### [Data records]

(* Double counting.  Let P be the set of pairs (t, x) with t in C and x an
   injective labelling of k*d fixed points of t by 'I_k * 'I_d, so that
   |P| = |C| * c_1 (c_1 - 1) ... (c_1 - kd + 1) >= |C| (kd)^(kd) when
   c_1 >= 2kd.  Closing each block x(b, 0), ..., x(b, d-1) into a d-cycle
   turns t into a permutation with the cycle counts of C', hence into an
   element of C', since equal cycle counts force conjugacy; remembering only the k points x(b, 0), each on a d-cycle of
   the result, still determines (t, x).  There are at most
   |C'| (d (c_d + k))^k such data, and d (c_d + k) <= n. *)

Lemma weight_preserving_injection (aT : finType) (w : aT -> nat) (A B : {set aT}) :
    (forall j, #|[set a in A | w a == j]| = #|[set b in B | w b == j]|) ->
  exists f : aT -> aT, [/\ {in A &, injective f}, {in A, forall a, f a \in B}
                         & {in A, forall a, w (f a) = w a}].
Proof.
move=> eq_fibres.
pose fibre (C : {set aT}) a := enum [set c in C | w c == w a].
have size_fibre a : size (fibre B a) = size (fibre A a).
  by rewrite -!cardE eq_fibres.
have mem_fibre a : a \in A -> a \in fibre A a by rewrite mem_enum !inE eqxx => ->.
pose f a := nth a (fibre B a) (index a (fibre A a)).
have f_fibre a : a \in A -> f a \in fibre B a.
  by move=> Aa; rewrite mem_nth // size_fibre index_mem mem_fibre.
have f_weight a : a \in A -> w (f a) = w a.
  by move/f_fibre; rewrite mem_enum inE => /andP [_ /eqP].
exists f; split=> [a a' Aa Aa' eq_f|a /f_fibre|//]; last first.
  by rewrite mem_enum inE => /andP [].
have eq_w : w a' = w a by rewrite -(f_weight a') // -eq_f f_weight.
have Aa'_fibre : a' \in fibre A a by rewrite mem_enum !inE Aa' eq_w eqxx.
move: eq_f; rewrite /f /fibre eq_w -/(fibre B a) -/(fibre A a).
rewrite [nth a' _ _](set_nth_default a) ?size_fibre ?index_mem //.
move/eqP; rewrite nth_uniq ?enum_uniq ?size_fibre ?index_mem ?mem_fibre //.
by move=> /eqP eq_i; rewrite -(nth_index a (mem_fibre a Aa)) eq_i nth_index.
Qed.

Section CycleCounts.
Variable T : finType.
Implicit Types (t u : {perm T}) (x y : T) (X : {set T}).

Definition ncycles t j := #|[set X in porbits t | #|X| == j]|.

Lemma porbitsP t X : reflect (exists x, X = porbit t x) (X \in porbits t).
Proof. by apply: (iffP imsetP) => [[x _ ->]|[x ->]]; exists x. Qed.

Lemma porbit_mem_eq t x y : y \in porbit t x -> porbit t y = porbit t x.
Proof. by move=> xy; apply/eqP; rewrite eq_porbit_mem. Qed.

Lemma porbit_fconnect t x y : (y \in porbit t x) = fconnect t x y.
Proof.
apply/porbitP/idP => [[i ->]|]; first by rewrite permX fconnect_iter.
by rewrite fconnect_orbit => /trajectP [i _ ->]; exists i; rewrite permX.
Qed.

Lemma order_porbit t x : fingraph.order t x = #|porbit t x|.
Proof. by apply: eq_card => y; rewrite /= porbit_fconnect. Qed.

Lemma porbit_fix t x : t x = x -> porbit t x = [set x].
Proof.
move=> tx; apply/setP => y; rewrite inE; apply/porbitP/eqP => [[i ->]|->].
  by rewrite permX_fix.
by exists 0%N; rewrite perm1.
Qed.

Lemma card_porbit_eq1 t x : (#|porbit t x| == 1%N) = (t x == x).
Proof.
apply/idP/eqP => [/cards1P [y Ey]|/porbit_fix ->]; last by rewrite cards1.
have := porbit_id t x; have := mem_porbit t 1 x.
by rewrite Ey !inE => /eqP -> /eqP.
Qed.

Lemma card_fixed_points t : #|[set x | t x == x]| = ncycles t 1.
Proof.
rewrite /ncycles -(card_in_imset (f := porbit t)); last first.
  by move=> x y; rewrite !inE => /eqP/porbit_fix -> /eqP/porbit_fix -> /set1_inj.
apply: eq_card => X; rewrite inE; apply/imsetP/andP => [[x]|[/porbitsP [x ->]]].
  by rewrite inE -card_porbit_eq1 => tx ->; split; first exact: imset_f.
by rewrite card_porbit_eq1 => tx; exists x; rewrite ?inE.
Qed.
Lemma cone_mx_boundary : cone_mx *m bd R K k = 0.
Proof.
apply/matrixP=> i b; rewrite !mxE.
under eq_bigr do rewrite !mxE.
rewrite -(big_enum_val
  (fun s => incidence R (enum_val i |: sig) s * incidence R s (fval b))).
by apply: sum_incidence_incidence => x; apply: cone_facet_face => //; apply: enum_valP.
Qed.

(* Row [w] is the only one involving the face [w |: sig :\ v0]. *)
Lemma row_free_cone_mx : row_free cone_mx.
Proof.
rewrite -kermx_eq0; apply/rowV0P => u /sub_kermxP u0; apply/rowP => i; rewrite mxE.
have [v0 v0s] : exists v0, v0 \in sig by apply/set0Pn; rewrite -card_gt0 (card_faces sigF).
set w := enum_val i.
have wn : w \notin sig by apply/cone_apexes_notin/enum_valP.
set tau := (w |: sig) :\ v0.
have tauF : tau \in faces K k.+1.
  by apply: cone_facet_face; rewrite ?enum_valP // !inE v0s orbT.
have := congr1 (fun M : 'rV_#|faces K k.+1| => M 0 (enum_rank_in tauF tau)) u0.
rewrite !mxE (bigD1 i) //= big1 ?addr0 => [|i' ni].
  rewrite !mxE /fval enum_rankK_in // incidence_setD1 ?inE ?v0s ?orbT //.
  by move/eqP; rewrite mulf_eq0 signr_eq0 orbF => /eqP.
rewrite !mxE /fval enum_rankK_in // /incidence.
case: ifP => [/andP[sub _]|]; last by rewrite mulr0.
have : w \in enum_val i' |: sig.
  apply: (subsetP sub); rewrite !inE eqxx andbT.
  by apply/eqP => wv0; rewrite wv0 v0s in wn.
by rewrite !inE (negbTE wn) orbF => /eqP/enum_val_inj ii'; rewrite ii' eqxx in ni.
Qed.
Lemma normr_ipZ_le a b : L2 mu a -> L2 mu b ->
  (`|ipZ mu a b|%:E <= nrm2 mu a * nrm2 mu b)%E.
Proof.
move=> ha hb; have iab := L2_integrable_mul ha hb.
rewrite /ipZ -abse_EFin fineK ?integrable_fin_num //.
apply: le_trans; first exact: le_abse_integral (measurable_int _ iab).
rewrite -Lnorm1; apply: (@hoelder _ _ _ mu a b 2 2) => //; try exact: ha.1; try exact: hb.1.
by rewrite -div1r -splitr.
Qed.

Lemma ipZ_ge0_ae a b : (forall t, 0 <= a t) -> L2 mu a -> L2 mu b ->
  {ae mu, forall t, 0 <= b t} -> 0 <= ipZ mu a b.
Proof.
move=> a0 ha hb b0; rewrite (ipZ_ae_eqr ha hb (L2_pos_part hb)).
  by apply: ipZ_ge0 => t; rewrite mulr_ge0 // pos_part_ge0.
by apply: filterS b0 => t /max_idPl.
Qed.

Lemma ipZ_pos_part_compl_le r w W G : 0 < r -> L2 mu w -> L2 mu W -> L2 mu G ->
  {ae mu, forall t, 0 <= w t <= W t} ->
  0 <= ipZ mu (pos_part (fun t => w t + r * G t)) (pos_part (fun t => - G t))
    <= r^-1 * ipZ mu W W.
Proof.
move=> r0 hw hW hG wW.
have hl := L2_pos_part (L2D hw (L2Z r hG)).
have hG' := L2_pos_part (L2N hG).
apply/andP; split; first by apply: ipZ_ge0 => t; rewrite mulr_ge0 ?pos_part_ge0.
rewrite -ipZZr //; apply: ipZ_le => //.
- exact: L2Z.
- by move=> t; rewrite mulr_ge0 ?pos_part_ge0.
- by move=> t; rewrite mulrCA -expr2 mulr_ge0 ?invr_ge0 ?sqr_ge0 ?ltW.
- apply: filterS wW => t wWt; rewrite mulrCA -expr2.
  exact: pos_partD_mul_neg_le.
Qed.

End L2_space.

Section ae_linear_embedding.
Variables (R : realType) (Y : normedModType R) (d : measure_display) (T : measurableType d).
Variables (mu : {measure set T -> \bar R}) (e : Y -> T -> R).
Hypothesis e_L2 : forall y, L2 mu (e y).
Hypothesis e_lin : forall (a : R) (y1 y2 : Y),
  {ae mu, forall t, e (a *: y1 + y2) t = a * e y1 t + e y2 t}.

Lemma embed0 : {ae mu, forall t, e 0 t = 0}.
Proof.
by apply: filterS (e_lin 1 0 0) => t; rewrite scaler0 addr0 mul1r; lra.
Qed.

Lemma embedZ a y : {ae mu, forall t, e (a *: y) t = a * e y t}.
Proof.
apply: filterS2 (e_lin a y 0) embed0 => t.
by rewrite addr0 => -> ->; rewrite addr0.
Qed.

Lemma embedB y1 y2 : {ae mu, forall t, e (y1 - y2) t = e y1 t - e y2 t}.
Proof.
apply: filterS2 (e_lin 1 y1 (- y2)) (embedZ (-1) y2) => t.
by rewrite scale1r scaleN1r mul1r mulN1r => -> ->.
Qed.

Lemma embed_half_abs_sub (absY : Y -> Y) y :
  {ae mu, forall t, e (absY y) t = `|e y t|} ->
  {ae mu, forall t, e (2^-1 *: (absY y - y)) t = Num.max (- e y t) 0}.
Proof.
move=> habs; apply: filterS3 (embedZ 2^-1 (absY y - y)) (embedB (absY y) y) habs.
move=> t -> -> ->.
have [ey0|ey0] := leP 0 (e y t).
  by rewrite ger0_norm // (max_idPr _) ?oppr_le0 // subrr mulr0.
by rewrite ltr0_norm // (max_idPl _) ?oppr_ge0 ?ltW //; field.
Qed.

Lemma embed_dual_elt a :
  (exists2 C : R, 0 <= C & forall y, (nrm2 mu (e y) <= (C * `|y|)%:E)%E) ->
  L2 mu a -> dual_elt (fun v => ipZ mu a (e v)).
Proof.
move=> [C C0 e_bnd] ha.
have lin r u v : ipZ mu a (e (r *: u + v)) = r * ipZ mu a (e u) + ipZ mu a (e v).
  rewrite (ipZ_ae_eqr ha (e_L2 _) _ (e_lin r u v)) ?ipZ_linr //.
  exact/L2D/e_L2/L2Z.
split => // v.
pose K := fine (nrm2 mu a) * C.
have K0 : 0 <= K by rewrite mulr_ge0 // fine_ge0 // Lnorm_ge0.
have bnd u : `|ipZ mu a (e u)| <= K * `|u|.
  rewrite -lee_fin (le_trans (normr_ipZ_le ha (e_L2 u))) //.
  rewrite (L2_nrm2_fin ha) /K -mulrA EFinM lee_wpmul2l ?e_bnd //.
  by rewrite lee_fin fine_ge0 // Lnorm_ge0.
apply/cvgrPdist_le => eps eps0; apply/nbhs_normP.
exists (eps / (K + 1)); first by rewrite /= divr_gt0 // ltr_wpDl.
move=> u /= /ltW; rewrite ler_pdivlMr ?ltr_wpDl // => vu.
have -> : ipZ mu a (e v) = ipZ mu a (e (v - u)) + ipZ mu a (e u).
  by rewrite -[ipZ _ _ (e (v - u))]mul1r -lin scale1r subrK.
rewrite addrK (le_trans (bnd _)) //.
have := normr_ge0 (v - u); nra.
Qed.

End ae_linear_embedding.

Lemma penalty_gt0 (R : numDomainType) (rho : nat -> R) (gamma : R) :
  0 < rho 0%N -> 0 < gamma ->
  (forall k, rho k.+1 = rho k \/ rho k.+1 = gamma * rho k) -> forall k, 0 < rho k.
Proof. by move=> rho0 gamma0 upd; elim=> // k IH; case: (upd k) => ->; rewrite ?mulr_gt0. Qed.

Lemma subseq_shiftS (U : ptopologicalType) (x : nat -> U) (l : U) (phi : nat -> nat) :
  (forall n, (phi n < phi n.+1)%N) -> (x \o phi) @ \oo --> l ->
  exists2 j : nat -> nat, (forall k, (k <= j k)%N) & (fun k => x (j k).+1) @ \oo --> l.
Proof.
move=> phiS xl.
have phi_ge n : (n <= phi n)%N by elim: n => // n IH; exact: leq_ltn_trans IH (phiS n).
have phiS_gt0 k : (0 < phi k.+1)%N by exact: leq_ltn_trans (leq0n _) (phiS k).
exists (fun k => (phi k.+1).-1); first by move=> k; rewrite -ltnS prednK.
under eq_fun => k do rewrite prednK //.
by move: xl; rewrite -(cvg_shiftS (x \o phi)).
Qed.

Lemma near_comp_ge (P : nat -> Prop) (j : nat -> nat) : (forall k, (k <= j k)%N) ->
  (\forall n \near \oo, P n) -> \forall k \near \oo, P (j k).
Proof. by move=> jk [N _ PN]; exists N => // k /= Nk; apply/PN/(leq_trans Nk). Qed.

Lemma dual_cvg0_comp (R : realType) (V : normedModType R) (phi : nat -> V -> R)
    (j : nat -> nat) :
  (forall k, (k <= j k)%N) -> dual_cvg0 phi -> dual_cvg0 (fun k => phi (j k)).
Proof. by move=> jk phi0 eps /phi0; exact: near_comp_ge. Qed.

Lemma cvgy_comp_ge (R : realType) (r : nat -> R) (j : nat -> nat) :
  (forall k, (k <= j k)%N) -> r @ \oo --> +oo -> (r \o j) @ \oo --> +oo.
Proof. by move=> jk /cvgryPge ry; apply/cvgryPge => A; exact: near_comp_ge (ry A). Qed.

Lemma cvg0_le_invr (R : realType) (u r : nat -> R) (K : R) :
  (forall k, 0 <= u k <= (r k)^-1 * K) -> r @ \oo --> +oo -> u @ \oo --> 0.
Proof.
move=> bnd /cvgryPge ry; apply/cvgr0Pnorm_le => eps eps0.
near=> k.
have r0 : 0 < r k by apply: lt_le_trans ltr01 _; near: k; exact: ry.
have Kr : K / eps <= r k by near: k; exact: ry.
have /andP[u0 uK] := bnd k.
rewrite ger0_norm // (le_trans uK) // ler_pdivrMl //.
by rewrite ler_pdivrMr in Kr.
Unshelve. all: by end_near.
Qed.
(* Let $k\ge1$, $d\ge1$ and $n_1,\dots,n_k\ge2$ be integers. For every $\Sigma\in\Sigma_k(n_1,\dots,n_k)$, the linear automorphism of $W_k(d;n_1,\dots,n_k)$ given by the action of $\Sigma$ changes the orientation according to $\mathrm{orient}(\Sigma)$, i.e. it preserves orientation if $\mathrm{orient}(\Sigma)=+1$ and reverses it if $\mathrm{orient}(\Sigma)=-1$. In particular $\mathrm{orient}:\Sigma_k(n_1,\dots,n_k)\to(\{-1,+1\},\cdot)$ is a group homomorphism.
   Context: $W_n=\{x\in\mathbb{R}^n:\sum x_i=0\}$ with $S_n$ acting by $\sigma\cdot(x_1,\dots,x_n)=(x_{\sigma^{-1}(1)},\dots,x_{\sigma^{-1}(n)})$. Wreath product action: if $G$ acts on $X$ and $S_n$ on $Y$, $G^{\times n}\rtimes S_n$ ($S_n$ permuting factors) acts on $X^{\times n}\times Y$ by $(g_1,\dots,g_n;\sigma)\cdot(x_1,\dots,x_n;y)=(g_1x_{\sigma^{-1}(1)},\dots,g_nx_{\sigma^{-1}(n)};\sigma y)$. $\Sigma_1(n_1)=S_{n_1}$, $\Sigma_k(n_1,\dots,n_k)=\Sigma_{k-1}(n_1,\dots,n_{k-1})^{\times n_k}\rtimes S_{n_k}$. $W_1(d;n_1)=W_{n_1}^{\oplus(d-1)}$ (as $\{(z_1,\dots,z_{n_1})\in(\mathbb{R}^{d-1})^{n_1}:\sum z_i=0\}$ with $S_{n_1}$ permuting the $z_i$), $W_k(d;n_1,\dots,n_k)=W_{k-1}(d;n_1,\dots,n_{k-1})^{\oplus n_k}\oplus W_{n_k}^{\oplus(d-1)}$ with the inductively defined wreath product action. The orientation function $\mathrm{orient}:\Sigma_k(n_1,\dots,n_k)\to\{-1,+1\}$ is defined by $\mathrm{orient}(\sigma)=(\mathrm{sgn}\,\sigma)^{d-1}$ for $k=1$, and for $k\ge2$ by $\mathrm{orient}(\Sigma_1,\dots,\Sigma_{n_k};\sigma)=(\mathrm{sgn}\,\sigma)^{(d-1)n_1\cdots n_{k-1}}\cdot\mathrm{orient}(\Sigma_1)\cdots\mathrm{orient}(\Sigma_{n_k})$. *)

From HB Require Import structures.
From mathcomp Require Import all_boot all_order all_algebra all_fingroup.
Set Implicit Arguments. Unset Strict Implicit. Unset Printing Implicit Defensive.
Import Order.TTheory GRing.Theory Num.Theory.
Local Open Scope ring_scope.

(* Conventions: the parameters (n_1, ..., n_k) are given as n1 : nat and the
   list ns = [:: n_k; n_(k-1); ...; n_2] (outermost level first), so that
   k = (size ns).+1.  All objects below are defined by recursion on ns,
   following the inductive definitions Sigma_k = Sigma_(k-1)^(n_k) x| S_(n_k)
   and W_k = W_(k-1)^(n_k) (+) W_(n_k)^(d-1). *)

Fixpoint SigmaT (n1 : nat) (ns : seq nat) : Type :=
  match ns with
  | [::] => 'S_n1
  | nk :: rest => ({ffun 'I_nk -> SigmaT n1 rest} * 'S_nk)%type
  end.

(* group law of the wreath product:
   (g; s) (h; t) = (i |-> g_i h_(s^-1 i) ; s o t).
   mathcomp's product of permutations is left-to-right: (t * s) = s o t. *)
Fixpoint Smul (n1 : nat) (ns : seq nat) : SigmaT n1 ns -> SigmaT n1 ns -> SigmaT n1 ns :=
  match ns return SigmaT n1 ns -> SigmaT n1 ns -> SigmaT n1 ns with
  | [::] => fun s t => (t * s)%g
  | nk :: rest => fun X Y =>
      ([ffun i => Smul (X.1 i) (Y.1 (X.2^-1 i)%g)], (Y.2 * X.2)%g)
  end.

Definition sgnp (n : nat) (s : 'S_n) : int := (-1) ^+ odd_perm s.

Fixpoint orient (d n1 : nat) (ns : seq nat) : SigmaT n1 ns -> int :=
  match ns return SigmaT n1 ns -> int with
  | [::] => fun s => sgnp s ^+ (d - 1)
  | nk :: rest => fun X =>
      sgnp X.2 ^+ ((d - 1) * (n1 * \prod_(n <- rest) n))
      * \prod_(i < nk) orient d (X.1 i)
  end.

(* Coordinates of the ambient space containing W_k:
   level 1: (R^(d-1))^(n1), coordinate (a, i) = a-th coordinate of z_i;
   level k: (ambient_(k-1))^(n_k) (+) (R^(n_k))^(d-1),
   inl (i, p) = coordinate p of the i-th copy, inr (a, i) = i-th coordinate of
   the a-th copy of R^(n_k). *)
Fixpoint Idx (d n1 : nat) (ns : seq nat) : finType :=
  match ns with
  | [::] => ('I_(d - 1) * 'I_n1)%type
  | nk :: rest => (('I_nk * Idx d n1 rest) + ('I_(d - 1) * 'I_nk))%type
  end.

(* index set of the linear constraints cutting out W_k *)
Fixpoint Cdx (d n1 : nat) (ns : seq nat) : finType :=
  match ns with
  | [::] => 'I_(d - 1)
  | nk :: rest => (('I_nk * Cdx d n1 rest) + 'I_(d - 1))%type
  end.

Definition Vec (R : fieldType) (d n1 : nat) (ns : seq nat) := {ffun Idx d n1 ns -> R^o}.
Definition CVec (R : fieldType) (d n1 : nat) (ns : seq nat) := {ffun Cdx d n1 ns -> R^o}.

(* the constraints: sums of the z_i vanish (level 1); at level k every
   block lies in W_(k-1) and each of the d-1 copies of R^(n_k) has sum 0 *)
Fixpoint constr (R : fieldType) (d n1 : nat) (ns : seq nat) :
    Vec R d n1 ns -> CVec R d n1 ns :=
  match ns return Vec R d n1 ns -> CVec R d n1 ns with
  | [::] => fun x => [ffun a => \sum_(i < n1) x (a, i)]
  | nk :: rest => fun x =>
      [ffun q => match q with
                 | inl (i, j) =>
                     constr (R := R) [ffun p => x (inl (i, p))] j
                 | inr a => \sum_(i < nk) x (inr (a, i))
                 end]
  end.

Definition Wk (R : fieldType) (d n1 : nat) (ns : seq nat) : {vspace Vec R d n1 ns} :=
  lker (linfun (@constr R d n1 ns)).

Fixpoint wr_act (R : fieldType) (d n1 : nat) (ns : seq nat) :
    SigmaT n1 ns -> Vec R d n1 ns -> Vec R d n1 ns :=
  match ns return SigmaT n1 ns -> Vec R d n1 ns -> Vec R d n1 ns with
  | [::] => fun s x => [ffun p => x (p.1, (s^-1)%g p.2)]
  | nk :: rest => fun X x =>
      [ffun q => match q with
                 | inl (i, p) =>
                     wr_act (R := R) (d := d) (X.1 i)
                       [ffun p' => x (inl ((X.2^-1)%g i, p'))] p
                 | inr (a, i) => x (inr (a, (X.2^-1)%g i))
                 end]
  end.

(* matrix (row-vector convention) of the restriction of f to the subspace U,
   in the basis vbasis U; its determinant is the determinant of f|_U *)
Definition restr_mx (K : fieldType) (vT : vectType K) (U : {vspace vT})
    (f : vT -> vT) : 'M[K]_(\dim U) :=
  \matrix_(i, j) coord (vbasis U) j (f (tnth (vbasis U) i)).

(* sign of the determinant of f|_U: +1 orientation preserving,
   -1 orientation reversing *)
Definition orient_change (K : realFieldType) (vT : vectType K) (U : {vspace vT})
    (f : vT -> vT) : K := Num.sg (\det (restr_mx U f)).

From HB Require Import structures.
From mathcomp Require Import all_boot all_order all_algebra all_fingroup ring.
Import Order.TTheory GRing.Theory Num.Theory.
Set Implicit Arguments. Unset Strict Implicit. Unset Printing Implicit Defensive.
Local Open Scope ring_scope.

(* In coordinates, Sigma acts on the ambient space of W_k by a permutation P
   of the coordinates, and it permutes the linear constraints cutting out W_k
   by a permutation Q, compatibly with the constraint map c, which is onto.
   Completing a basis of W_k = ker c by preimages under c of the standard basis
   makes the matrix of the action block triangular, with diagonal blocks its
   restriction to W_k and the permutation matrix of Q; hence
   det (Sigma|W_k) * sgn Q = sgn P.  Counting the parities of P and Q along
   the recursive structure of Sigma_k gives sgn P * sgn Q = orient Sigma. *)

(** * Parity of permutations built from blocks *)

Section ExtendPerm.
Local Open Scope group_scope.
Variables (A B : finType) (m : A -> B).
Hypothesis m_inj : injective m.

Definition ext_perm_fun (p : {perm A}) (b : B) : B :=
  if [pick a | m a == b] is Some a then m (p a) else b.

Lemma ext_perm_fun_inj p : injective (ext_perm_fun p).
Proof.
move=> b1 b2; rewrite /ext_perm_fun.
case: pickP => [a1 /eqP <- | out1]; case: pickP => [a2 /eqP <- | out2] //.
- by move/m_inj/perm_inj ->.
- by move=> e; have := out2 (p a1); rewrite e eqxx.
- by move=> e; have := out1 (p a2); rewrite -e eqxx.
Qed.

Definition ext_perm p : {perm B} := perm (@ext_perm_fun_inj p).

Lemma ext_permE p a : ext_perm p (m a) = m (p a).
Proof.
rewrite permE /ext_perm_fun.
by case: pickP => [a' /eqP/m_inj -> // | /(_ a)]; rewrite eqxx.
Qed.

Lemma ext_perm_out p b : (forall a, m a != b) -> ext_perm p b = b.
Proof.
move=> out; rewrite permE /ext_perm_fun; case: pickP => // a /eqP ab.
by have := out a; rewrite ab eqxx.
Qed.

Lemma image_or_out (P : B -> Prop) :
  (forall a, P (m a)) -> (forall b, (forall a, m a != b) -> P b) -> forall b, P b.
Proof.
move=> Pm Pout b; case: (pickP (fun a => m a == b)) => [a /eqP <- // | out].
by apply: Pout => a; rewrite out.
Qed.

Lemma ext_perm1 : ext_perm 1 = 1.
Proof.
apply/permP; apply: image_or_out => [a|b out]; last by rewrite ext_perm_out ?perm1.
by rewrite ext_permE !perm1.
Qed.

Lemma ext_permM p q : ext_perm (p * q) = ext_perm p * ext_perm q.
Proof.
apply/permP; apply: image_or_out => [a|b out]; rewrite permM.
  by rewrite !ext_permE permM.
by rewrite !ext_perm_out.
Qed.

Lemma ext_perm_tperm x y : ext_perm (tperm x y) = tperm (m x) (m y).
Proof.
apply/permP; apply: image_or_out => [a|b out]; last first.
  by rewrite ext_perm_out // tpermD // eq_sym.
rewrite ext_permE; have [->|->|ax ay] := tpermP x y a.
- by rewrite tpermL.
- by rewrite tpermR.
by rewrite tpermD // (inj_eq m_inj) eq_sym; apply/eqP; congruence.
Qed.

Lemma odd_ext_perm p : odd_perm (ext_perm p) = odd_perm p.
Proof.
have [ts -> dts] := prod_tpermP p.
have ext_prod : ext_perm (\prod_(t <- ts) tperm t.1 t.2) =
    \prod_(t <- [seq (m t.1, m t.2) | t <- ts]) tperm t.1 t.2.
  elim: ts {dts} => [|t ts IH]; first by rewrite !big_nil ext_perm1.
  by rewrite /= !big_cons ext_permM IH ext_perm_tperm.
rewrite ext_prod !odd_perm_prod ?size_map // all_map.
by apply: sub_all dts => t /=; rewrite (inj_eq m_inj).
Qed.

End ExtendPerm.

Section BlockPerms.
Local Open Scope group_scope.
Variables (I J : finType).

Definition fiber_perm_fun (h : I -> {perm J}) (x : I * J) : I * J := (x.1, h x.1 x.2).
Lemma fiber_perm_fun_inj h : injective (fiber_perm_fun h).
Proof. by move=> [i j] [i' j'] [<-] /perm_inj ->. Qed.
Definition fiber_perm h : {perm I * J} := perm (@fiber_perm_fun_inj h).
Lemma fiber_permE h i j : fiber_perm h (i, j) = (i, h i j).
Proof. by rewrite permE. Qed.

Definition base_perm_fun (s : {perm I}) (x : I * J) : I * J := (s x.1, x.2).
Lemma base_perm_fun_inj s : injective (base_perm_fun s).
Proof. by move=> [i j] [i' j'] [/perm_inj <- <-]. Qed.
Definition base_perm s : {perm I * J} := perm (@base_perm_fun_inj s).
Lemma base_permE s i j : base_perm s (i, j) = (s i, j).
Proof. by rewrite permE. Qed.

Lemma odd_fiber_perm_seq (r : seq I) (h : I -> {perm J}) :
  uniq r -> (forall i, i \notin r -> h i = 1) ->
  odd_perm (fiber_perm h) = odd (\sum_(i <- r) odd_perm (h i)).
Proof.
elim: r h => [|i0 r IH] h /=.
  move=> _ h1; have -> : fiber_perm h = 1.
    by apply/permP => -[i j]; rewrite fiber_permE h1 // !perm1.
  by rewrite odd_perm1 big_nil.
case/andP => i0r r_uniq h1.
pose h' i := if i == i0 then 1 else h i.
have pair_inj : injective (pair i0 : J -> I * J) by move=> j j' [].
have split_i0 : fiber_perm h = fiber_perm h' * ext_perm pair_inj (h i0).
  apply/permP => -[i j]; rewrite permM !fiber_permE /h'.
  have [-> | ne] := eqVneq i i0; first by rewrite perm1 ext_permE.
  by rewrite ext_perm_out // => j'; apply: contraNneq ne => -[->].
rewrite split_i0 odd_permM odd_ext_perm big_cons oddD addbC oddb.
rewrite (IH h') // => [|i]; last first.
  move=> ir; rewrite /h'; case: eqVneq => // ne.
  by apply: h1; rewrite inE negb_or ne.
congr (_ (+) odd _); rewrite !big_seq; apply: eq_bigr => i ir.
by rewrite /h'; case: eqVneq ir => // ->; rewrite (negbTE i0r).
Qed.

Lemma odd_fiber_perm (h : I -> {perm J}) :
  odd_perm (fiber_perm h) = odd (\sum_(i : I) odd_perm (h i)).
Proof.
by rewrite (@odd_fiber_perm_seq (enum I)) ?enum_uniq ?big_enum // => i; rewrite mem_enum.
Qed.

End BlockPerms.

### [What to do]
In the records above, how many lines contain the word "then"? Give the number alone.

### [Solution for this task]
2